What to work on: Could you repeat, word for word, only the lines from the one containing "From Stdlib Require Import Reals Relations." through the final line of the records below?

Records drawn from a dataset
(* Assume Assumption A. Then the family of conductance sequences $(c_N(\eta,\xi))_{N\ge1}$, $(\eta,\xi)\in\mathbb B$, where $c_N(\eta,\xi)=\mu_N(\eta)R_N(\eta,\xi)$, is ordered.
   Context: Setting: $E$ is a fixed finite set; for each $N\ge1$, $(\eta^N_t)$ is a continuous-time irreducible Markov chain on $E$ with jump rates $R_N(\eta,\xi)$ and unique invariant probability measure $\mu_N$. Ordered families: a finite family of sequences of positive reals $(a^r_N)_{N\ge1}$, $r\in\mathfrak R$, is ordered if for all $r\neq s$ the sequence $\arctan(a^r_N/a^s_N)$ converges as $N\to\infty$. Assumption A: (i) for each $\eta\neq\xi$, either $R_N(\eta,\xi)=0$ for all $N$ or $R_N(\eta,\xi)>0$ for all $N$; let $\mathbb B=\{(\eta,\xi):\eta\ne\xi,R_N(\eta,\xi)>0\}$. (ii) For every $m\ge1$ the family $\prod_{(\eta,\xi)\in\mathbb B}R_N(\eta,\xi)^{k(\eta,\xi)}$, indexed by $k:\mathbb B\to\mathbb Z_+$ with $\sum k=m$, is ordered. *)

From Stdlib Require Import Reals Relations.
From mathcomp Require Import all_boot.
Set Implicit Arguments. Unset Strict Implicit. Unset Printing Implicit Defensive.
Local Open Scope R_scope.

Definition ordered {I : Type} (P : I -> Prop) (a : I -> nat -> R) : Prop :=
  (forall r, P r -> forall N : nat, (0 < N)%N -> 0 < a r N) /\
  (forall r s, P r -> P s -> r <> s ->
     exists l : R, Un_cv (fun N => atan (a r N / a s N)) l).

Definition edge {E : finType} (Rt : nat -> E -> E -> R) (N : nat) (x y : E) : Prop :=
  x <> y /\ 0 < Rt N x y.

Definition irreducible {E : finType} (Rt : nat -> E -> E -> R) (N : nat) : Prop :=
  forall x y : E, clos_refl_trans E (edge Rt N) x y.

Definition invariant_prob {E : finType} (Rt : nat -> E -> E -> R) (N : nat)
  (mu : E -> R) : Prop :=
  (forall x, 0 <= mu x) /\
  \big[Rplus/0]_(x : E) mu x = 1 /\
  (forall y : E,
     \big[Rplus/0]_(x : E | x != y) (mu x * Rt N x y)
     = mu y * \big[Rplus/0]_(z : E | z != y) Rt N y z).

Solution to the exercise:
From Stdlib Require Import Reals Relations.
From mathcomp Require Import all_boot.
Set Implicit Arguments. Unset Strict Implicit. Unset Printing Implicit Defensive.
Local Open Scope R_scope.

Definition ordered {I : Type} (P : I -> Prop) (a : I -> nat -> R) : Prop :=
  (forall r, P r -> forall N : nat, (0 < N)%N -> 0 < a r N) /\
  (forall r s, P r -> P s -> r <> s ->
     exists l : R, Un_cv (fun N => atan (a r N / a s N)) l).

Definition edge {E : finType} (Rt : nat -> E -> E -> R) (N : nat) (x y : E) : Prop :=
  x <> y /\ 0 < Rt N x y.

Definition irreducible {E : finType} (Rt : nat -> E -> E -> R) (N : nat) : Prop :=
  forall x y : E, clos_refl_trans E (edge Rt N) x y.

Definition invariant_prob {E : finType} (Rt : nat -> E -> E -> R) (N : nat)
  (mu : E -> R) : Prop :=
  (forall x, 0 <= mu x) /\
  \big[Rplus/0]_(x : E) mu x = 1 /\
  (forall y : E,
     \big[Rplus/0]_(x : E | x != y) (mu x * Rt N x y)
     = mu y * \big[Rplus/0]_(z : E | z != y) Rt N y z).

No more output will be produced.